On 12/03/2025 08:13, Christoph Hellwig wrote: > On Wed, Mar 12, 2025 at 08:09:47AM +0000, John Garry wrote: >> On 12/03/2025 07:41, Christoph Hellwig wrote: >>> On Mon, Mar 10, 2025 at 06:39:44PM +0000, John Garry wrote: >>>> For RT inode, just limit to 1x block, even though larger can be supported >>>> in future. >>> Why? >> Adding RT support adds even more complexity upfront, and RT is uncommonly >> used. >> >> In addition, it will be limited to using power-of-2 rtextsize, so a slightly >> restricted feature. > Please spell that out in the commit message. ok, fine.
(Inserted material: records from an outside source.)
Lemma card_torus_vanishing a D :
  #|[set u in torus | vanishes a (monomial_map D u)]| = (#|F|.-1 * Nstar a D)%N.
Proof.
have -> : [set u in torus | vanishes a (monomial_map D u)] =
    setX [set~ 0]
      [set x : {ffun 'I_n -> F} | [forall i, x i != 0] && (sparse_eval a D x == 0)].
  apply/setP => -[y x]; rewrite !inE /vanishes /sparse_eval /=.
  under eq_bigr do rewrite ffunE /= mulrCA.
  by rewrite -mulr_sumr mulf_eq0; case: (y =P 0).
by rewrite cardsX cardsC1.
Qed.

Lemma Nstar_card_image a D :
  (#|F|.-1 * Nstar a D * #|monomial_map D @: torus|)%N =
  (#|[set h in monomial_map D @: torus | vanishes a h]| * #|torus|)%N.
Proof.
pose K := #|[set u in torus | monomial_map D u == [ffun=> 1]]|.
have countQ Q : #|[set u in torus | Q (monomial_map D u)]| =
    (#|[set h in monomial_map D @: torus | Q h]| * K)%N.
  exact: card_preim_uniform_fibers (@card_monomial_fiber D).
have cardT : #|torus| = (#|monomial_map D @: torus| * K)%N.
  by have := countQ predT; rewrite !setIdE !setIT.
by rewrite -card_torus_vanishing countQ cardT mulnAC mulnA.
Qed.

End Torus.

Section FinFieldUnits.

Variable F : finFieldType.

Lemma card_finField_pred_gt0 : (0 < #|F|.-1)%N.
Proof. by rewrite ltn_predRL card_finNzRing_gt1. Qed.

Lemma expf_card_pred (u : F) : u != 0 -> u ^+ #|F|.-1 = 1.
Proof.
move=> u_neq0; apply: (mulfI u_neq0); rewrite mulr1 -exprS prednK ?expf_card //.
exact: ltnW (card_finNzRing_gt1 F).
Qed.

Lemma finField_prim_root : exists z : F, (#|F|.-1).-primitive_root z.
Proof.
have /hasP[z _ zP] : has (#|F|.-1).-primitive_root (enum [set~ (0 : F)]).
  apply: cyclic.has_prim_root; rewrite ?enum_uniq ?card_finField_pred_gt0 //.
    by apply/allP => u; rewrite mem_enum !inE unity_rootE => /expf_card_pred ->.
  by rewrite -cardE cardsC1.
by exists z.
Qed.

End FinFieldUnits.

Section MonomialImage.

Variables (F : finFieldType) (n k : nat).

Lemma monomial_map_powers (z : F) (D : 'I_k -> 'I_n -> nat) (c : 'I_n.+1 -> nat) :
  monomial_map D (z ^+ c ord0, [ffun i => z ^+ c (lift ord0 i)]) =
  [ffun j => z ^+ (\sum_r aug_deg D r j * c r)].
Proof.
apply/ffunP => j; rewrite !ffunE big_ord_recl /= /aug_deg unlift_none mul1n exprD.
congr (_ * _); rewrite expr_sum; apply: eq_bigr => i _.
by rewrite ffunE liftK -exprM mulnC.
Qed.

Lemma monomial_image_sub (D D' : 'I_k -> 'I_n -> nat) :
  aug_solutions #|F| D' \subset aug_solutions #|F| D ->
  monomial_map D @: torus F n \subset monomial_map D' @: torus F n.
Proof.
move=> solD'D; apply/subsetP => _ /imsetP[[y x] + ->].
rewrite inE /= => /andP[y_neq0 /forallP x_neq0].
have [z zP] := finField_prim_root F.
have z_neq0 : z != 0 by rewrite (prim_root_eq0 zP) -lt0n card_finField_pred_gt0.
have zlog u : u != 0 -> exists e : nat, u = z ^+ e.
  by move=> /expf_card_pred/(prim_rootP zP)[e ->]; exists e.
have [ey ->] := zlog y y_neq0.
have /fin_all_exists[ex ex_def] := fun i => zlog (x i) (x_neq0 i).
pose c r := if unlift ord0 r is Some i then ex i else ey.
have -> : (z ^+ ey, x) = (z ^+ c ord0, [ffun i => z ^+ c (lift ord0 i)]).
  congr pair; first by rewrite /c unlift_none.
  by apply/ffunP => i; rewrite ffunE /c liftK -ex_def.
rewrite monomial_map_powers.
have [v v_solD' | c' cc'] :=
  modn_rowspace_of_kernel (A := aug_deg D')
    (t := fun j => \sum_r aug_deg D r j * c r)%N (card_finField_pred_gt0 F).
  have : v \in aug_solutions #|F| D.
    by apply: (subsetP solD'D); rewrite inE; apply/forallP.
  rewrite inE => /forallP v_solD; rewrite mod0n.
  have -> : (\sum_j (\sum_r aug_deg D r j * c r) * v j =
      \sum_r c r * \sum_j aug_deg D r j * v j)%N.
    rewrite (eq_bigr _ (fun j _ => big_distrl _ _ _)) exchange_big /=.
    apply: eq_bigr => r _; rewrite big_distrr.
    by apply: eq_bigr => j _; rewrite mulnAC mulnC.
  by apply: dvdn_sum => r _; apply: dvdn_mull; have := v_solD r; rewrite mod0n.
apply/imsetP; exists (z ^+ c' ord0, [ffun i => z ^+ c' (lift ord0 i)]).
  by rewrite inE /= expf_neq0 //=; apply/forallP => i; rewrite ffunE expf_neq0.
rewrite monomial_map_powers; apply/ffunP => j; rewrite !ffunE.
by apply/eqP; rewrite (eq_prim_root_expr zP); apply/eqP/cc'.
Qed.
diff --git a/fs/xfs/xfs_iops.c b/fs/xfs/xfs_iops.c index de065cc2e7cf..16a1f9541690 100644 --- a/fs/xfs/xfs_iops.c +++ b/fs/xfs/xfs_iops.c @@ -607,12 +607,24 @@ xfs_get_atomic_write_attr( unsigned int *unit_min, unsigned int *unit_max) { + struct xfs_buftarg *target = xfs_inode_buftarg(ip); + struct xfs_mount *mp = ip->i_mount; + if (!xfs_inode_can_atomicwrite(ip)) { *unit_min = *unit_max = 0; return; } - *unit_min = *unit_max = ip->i_mount->m_sb.sb_blocksize; + *unit_min = ip->i_mount->m_sb.sb_blocksize; + + if (XFS_IS_REALTIME_INODE(ip)) { + /* For now, set limit at 1x block */ + *unit_max = ip->i_mount->m_sb.sb_blocksize; + } else { + *unit_max = min_t(unsigned int, + XFS_FSB_TO_B(mp, mp->m_awu_max), + target->bt_bdev_awu_max); + } } static void diff --git a/fs/xfs/xfs_mount.c b/fs/xfs/xfs_mount.c index e65a659901d5..414adfb944b9 100644 --- a/fs/xfs/xfs_mount.c +++ b/fs/xfs/xfs_mount.c @@ -665,6 +665,32 @@ xfs_agbtree_compute_maxlevels( levels = max(levels, mp->m_rmap_maxlevels); mp->m_agbtree_maxlevels = max(levels, mp->m_refc_maxlevels); } +static inline void +xfs_compute_awu_max( + struct xfs_mount *mp) +{ + xfs_agblock_t agsize = mp->m_sb.sb_agblocks; + xfs_agblock_t awu_max; + + if (!xfs_has_reflink(mp)) { + mp->m_awu_max = 1; + return; + } + + /* + * Find highest power-of-2 evenly divisible into agsize and which + * also fits into an unsigned int field. + */ + awu_max = 1; + while (1) { + if (agsize % (awu_max * 2)) + break; + if (XFS_FSB_TO_B(mp, awu_max * 2) > UINT_MAX) + break; + awu_max *= 2; + } + mp->m_awu_max = awu_max; +} /* Compute maximum possible height for realtime btree types for this fs. */ static inline void @@ -751,6 +777,8 @@ xfs_mountfs( xfs_agbtree_compute_maxlevels(mp); xfs_rtbtree_compute_maxlevels(mp); + xfs_compute_awu_max(mp); + /* * Check if sb_agblocks is aligned at stripe boundary. If sb_agblocks * is NOT aligned turn off m_dalign since allocator alignment is within diff --git a/fs/xfs/xfs_mount.h b/fs/xfs/xfs_mount.h index 799b84220ebb..1b0136da2aec 100644 --- a/fs/xfs/xfs_mount.h +++ b/fs/xfs/xfs_mount.h @@ -229,6 +229,7 @@ typedef struct xfs_mount { bool m_finobt_nores; /* no per-AG finobt resv. */ bool m_update_sb; /* sb needs update in mount */ unsigned int m_max_open_zones; + xfs_extlen_t m_awu_max; /* data device max atomic write */ /* * Bitsets of per-fs metadata that have been checked and/or are sick.